Lemma card_intersecting_pairs (X : {set {set T}}) : 4 <= #|C| -> X \subset pairs ->
  {in X &, forall g g' : {set T}, ~~ [disjoint g & g']} -> #|X| <= #|C| - 1.
Proof.
move=> C4 Xp Xint.
have [X_le2|/card_gt2P[e1 [e2 [e3 [[e1X e2X e3X] [e12 e23 e31]]]]]] := leqP #|X| 2.
  by apply: leq_trans X_le2 _; clear -C4; lia.
have pX g : g \in X -> g \in pairs by apply: subsetP.
have /not_disjointP[u ue1 ue2] := Xint e1 e2 e1X e2X.
have [y [yC yu E1]] := pairs_other (pX e1 e1X) ue1.
have [z [zC zu E2]] := pairs_other (pX e2 e2X) ue2.
have yz : y != z by apply: contraNneq e12 => yz; rewrite E1 E2 yz.
have uC : u \in C by case/pairsP: (pX e1 e1X) => e1C _; apply: (subsetP e1C).
have [ue3|ue3] := boolP (u \in e3).
  have [w [wC wu E3]] := pairs_other (pX e3 e3X) ue3.
  have wy : w != y by apply: contraNneq e31 => wy; rewrite E3 E1 wy.
  have wz : w != z by apply: contraNneq e23 => wz; rewrite E3 E2 wz.
  apply: card_pairs_through uC Xp _ => g gX; apply: contraT => ug.
  have := Xint g e1 gX e1X; rewrite E1 not_disjoint_set2 (negbTE ug) /= => yg.
  have := Xint g e2 gX e2X; rewrite E2 not_disjoint_set2 (negbTE ug) /= => zg.
  have := Xint g e3 gX e3X; rewrite E3 not_disjoint_set2 (negbTE ug) /=.
  have [_ g2] := pairsP (pX g gX).
  by rewrite (card2_set2 g2 yg zg yz) !inE (negbTE wy) (negbTE wz).
have := Xint e3 e1 e3X e1X; rewrite E1 not_disjoint_set2 (negbTE ue3) /= => ye3.
have := Xint e3 e2 e3X e2X; rewrite E2 not_disjoint_set2 (negbTE ue3) /= => ze3.
have E3 : e3 = [set y; z] by have [_ e3_2] := pairsP (pX e3 e3X); apply: card2_set2.
have XT : X \subset [set [set u; y]; [set u; z]; [set y; z]].
  apply/subsetP => g gX; have [_ g2] := pairsP (pX g gX); rewrite !inE.
  have [ug|ug] := boolP (u \in g).
    have := Xint g e3 gX e3X; rewrite E3 not_disjoint_set2 => /orP[yg|zg].
      by rewrite (card2_set2 g2 ug yg) ?eqxx // eq_sym.
    by rewrite (card2_set2 g2 ug zg) ?eqxx ?orbT // eq_sym.
  have := Xint g e1 gX e1X; rewrite E1 not_disjoint_set2 (negbTE ug) /= => yg.
  have := Xint g e2 gX e2X; rewrite E2 not_disjoint_set2 (negbTE ug) /= => zg.
  by rewrite (card2_set2 g2 yg zg yz) eqxx !orbT.
have card3 : #|[set [set u; y]; [set u; z]; [set y; z]]| <= 3.
  by apply: leq_trans (leq_card_setU _ _) _; rewrite cards1 cards2 addn1 !ltnS leq_b1.
apply: leq_trans (subset_leq_card XT) (leq_trans card3 _).
by rewrite leq_subRL // (leq_trans _ C4).
Qed.
(* Let $G$ be a graph with $G = G_1\square G_2$ for graphs $G_1,G_2$. Then $G$ is regular $K_3$-regular if and only if both $G_1$ and $G_2$ are regular $K_3$-regular.
   Context: All graphs are finite, simple and undirected. The $K_3$-degree of a vertex $v$ is the number of triangles containing $v$. A graph is regular $K_3$-regular if all its vertices have the same degree and all its vertices have the same $K_3$-degree. The Cartesian product $G_1\square G_2$ has vertex set $V(G_1)\times V(G_2)$, with $(u,v)$ and $(u',v')$ adjacent iff either $u=u'$ and $vv'\in E(G_2)$, or $v=v'$ and $uu'\in E(G_1)$. *)

From mathcomp Require Import all_boot.
Set Implicit Arguments. Unset Strict Implicit. Unset Printing Implicit Defensive.

Definition simple_graph (T : finType) (e : rel T) : Prop :=
  symmetric e /\ irreflexive e.

Definition deg (T : finType) (e : rel T) (v : T) : nat := #|[set w | e v w]|.

Definition is_triangle (T : finType) (e : rel T) (S : {set T}) : bool :=
  (#|S| == 3) && [forall x in S, forall y in S, (x != y) ==> e x y].

Definition k3deg (T : finType) (e : rel T) (v : T) : nat :=
  #|[set S : {set T} | is_triangle e S && (v \in S)]|.

Definition reg_K3reg (T : finType) (e : rel T) : Prop :=
  (exists k, forall v, deg e v = k) /\ (exists t, forall v, k3deg e v = t).

Definition cartprod (T1 T2 : finType) (e1 : rel T1) (e2 : rel T2) : rel (T1 * T2) :=
  fun p q => ((p.1 == q.1) && e2 p.2 q.2) || ((p.2 == q.2) && e1 p.1 q.1).

From mathcomp Require Import all_boot.

(* The neighbourhood of (u, v) in G1 □ G2 is the disjoint union
   of a copy of N(u) in the layer G1 × {v} and a copy of N(v) in the layer
   {u} × G2.  A triangle of G1 □ G2 lies in a single layer: if a triangle
   through (u, v) left both layers, a vertex differing from (u, v) in the
   second coordinate only and one differing in the first coordinate only
   would be non-adjacent.  Hence both the degree and the K3-degree of (u, v)
   are sums of a term depending on u and a term depending on v, and such a
   sum is constant on a product of nonempty sets iff both terms are. *)

Lemma triangle_clique {T : finType} {e : rel T} {S : {set T}} :
  is_triangle e S -> {in S &, forall x y, x != y -> e x y}.
Proof.
case/andP=> _ /forall_inP clique x y xS yS.
by have /forall_inP/(_ y yS)/implyP := clique x xS.
Qed.

Lemma is_triangle_imset {T T' : finType} (e : rel T) (e' : rel T')
    (f : T -> T') (S : {set T}) :
  injective f -> (forall x y, x != y -> e' (f x) (f y) = e x y) ->
  is_triangle e' (f @: S) = is_triangle e S.
Proof.
move=> f_inj f_rel; rewrite /is_triangle card_imset //; congr (_ && _).
have pairE x y : (f x != f y) ==> e' (f x) (f y) = (x != y) ==> e x y.
  by rewrite (inj_eq f_inj); case: eqP => //= /eqP /f_rel.
apply/forall_inP/forall_inP => [clique x xS | clique _ /imsetP [x xS ->]].
  apply/forall_inP => y yS; rewrite -pairE.
  by have /forall_inP := clique _ (imset_f f xS); apply; apply: imset_f.
apply/forall_inP => _ /imsetP [y yS ->]; rewrite pairE.
by have /forall_inP := clique x xS; apply.
Qed.

Section Layers.

Context {T1 T2 : finType}.
Implicit Types (u : T1) (v : T2) (A : {set T1}) (B : {set T2}).

Definition layer1 (v : T2) (A : {set T1}) : {set T1 * T2} := [set (a, v) | a in A].
Definition layer2 (u : T1) (B : {set T2}) : {set T1 * T2} := [set (u, b) | b in B].

Lemma mem_layer1 v A a b : ((a, b) \in layer1 v A) = (b == v) && (a \in A).
Proof.
apply/imsetP/andP => [[a' a'A [-> ->]] | [/eqP -> aA]]; first by rewrite eqxx.
by exists a.
Qed.

Lemma mem_layer2 u B a b : ((a, b) \in layer2 u B) = (a == u) && (b \in B).
Proof.
apply/imsetP/andP => [[b' b'B [-> ->]] | [/eqP -> bB]]; first by rewrite eqxx.
by exists b.
Qed.

Lemma layer1_inj v : injective (layer1 v).
Proof. by apply: imset_inj => x y []. Qed.

Lemma layer2_inj u : injective (layer2 u).
Proof. by apply: imset_inj => x y []. Qed.

Lemma card_layer1 v A : #|layer1 v A| = #|A|.
Proof. by rewrite card_imset // => x y []. Qed.

Lemma card_layer2 u B : #|layer2 u B| = #|B|.
Proof. by rewrite card_imset // => x y []. Qed.

Lemma layer1I2 u v A B : layer1 v A :&: layer2 u B \subset [set (u, v)].
Proof.
apply/subsetP => -[a b]; rewrite !inE mem_layer1 mem_layer2.
by case/andP=> /andP [/eqP -> _] /andP [/eqP -> _].
Qed.

Lemma card_layer1U2 u v A B :
  u \notin A -> #|layer1 v A :|: layer2 u B| = #|A| + #|B|.
Proof.
move=> uA; rewrite cardsU card_layer1 card_layer2.
suff -> : layer1 v A :&: layer2 u B = set0 by rewrite cards0 subn0.
apply/setP => -[a b]; rewrite in_set0; apply/negP => ab_meet.
have /subsetP/(_ _ ab_meet) := layer1I2 u v A B; rewrite inE => /eqP [ea eb].
by move: ab_meet; rewrite inE mem_layer1 ea (negbTE uA) andbF.
Qed.

Lemma layer1_eq_layer2 u v A B : layer1 v A = layer2 u B -> #|A| <= 1.
Proof.
move=> eqAB; rewrite -(card_layer1 v) -(cards1 (u, v)); apply: subset_leq_card.
by rewrite -[layer1 v A]setIid {2}eqAB layer1I2.
Qed.

Lemma layer1_snd {S : {set T1 * T2}} {v : T2} :
  {in S, forall x, x.2 == v} -> S = layer1 v [set x.1 | x in S].
Proof.
move=> sndS; apply/setP => -[a b]; rewrite mem_layer1; apply/idP/andP.
  by move=> abS; split; [exact: sndS abS | apply/imsetP; exists (a, b)].
by case=> /eqP -> /imsetP [[a' b'] abS /= ->]; rewrite -(eqP (sndS _ abS)).
Qed.

Lemma layer2_fst {S : {set T1 * T2}} {u : T1} :
  {in S, forall x, x.1 == u} -> S = layer2 u [set x.2 | x in S].
Proof.
move=> fstS; apply/setP => -[a b]; rewrite mem_layer2; apply/idP/andP.
  by move=> abS; split; [exact: fstS abS | apply/imsetP; exists (a, b)].
by case=> /eqP -> /imsetP [[a' b'] abS /= ->]; rewrite -(eqP (fstS _ abS)).
Qed.

End Layers.

Section CartesianProduct.

Context {T1 T2 : finType} (e1 : rel T1) (e2 : rel T2).
Local Notation e := (cartprod e1 e2).

Lemma cartprod_nbhs u v :
  [set w | e (u, v) w] = layer1 v [set a | e1 u a] :|: layer2 u [set b | e2 v b].
Proof.
apply/setP => -[a b]; rewrite !inE mem_layer1 mem_layer2 !inE /cartprod /=.
by rewrite orbC (eq_sym a) (eq_sym b).
Qed.

Lemma deg_cartprod :
  irreflexive e1 -> forall u v, deg e (u, v) = deg e1 u + deg e2 v.
Proof. by move=> irr1 u v; rewrite /deg cartprod_nbhs card_layer1U2 // inE irr1. Qed.

Lemma is_triangle_layer1 v A : is_triangle e (layer1 v A) = is_triangle e1 A.
Proof.
apply: is_triangle_imset => [x y [] // | x y neq_xy].
by rewrite /cartprod /= (negbTE neq_xy) eqxx.
Qed.

Lemma is_triangle_layer2 u B : is_triangle e (layer2 u B) = is_triangle e2 B.
Proof.
apply: is_triangle_imset => [x y [] // | x y neq_xy].
by rewrite /cartprod /= (negbTE neq_xy) eqxx orbF.
Qed.

Lemma cartprod_clique_flat {S : {set T1 * T2}} {u : T1} {v : T2} :
  {in S &, forall x y, x != y -> e x y} -> (u, v) \in S ->
  {in S, forall x, x.2 == v} \/ {in S, forall x, x.1 == u}.
Proof.
move=> clique uvS; have [|] := boolP [forall x in S, x.2 == v].
  by move/forall_inP; left.
case/forall_inPn => -[x1 x2] xS /= neq_x2; right => -[y1 y2] yS /=.
apply/negPn/negP => neq_y1.
have /(clique _ _ uvS xS) : (u, v) != (x1, x2) by apply: contraNneq neq_x2 => -[_ <-].
rewrite /cartprod /= (eq_sym v) (negbTE neq_x2) orbF => /andP [/eqP eq_x1 _].
have /(clique _ _ uvS yS) : (u, v) != (y1, y2) by apply: contraNneq neq_y1 => -[<-].
rewrite /cartprod /= (eq_sym u) (negbTE neq_y1) => /andP [/eqP eq_y2 _].
subst x1 y2.
have /(clique _ _ xS yS) : (u, x2) != (y1, v) by apply: contraNneq neq_x2 => -[_ ->].
by rewrite /cartprod /= (eq_sym u) (negbTE neq_x2) (negbTE neq_y1).
Qed.

Lemma cartprod_triangles_through u v :
  [set S | is_triangle e S && ((u, v) \in S)] =
  layer1 v @: [set A | is_triangle e1 A && (u \in A)] :|:
  layer2 u @: [set B | is_triangle e2 B && (v \in B)].
Proof.
apply/setP => S; rewrite !inE; apply/andP/orP => [[triS uvS] | ].
  have [sndS | fstS] := cartprod_clique_flat (triangle_clique triS) uvS.
    left; apply/imsetP; exists [set x.1 | x in S]; last exact: layer1_snd sndS.
    by rewrite inE -(is_triangle_layer1 v) -(layer1_snd sndS) triS (imset_f fst uvS).
  right; apply/imsetP; exists [set x.2 | x in S]; last exact: layer2_fst fstS.
  by rewrite inE -(is_triangle_layer2 u) -(layer2_fst fstS) triS (imset_f snd uvS).
case=> /imsetP [A]; rewrite inE => /andP [triA uA] ->.
  by rewrite is_triangle_layer1 mem_layer1 eqxx.
by rewrite is_triangle_layer2 mem_layer2 eqxx.
Qed.

Lemma k3deg_cartprod u v : k3deg e (u, v) = k3deg e1 u + k3deg e2 v.
Proof.
rewrite /k3deg cartprod_triangles_through cardsU.
rewrite (card_imset _ (layer1_inj v)) (card_imset _ (layer2_inj u)).
suff -> : layer1 v @: [set A | is_triangle e1 A && (u \in A)] :&:
          layer2 u @: [set B | is_triangle e2 B && (v \in B)] = set0.
  by rewrite cards0 subn0.
apply/setP => S; rewrite in_set0 inE; apply/negP.
case/andP => /imsetP [A]; rewrite inE => /andP [/andP [/eqP cardA _] _] ->.
by case/imsetP => B _ /layer1_eq_layer2; rewrite cardA.
Qed.

End CartesianProduct.

Lemma constant_additive {A B : Type} (a0 : A) (b0 : B)
    {f : A * B -> nat} {g : A -> nat} {h : B -> nat} :
  (forall a b, f (a, b) = g a + h b) ->
  (exists k, forall x, f x = k) <->
  (exists k, forall a, g a = k) /\ (exists k, forall b, h b = k).
Proof.
move=> f_sum; split => [[k fk] | [[k1 gk1] [k2 hk2]]].
  split; [exists (k - h b0) => a | exists (k - g a0) => b].
    by rewrite -(fk (a, b0)) f_sum addnK.
  by rewrite -(fk (a0, b)) f_sum addKn.
by exists (k1 + k2) => -[a b]; rewrite f_sum gk1 hk2.
Qed.

Theorem theorem4p2 (T1 T2 : finType) (e1 : rel T1) (e2 : rel T2)
  (hT1 : 0 < #|T1|) (hT2 : 0 < #|T2|)
  (g1 : simple_graph e1) (g2 : simple_graph e2) :
  reg_K3reg (cartprod e1 e2) <-> reg_K3reg e1 /\ reg_K3reg e2.
Proof.
have [u0 _] := card_gt0P hT1; have [v0 _] := card_gt0P hT2.
have regular := constant_additive u0 v0 (deg_cartprod e1 e2 g1.2).
have K3regular := constant_additive u0 v0 (k3deg_cartprod e1 e2).
rewrite /reg_K3reg; tauto.
Qed.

■ ■ ■

WHAT YOU NEED TO DO ▸
Go through the entries above and copy each line holding the string "negP".

FINAL ANSWER ▸
apply/setP => -[a b]; rewrite in_set0; apply/negP => ab_meet.
apply/negPn/negP => neq_y1.
apply/setP => S; rewrite in_set0 inE; apply/negP.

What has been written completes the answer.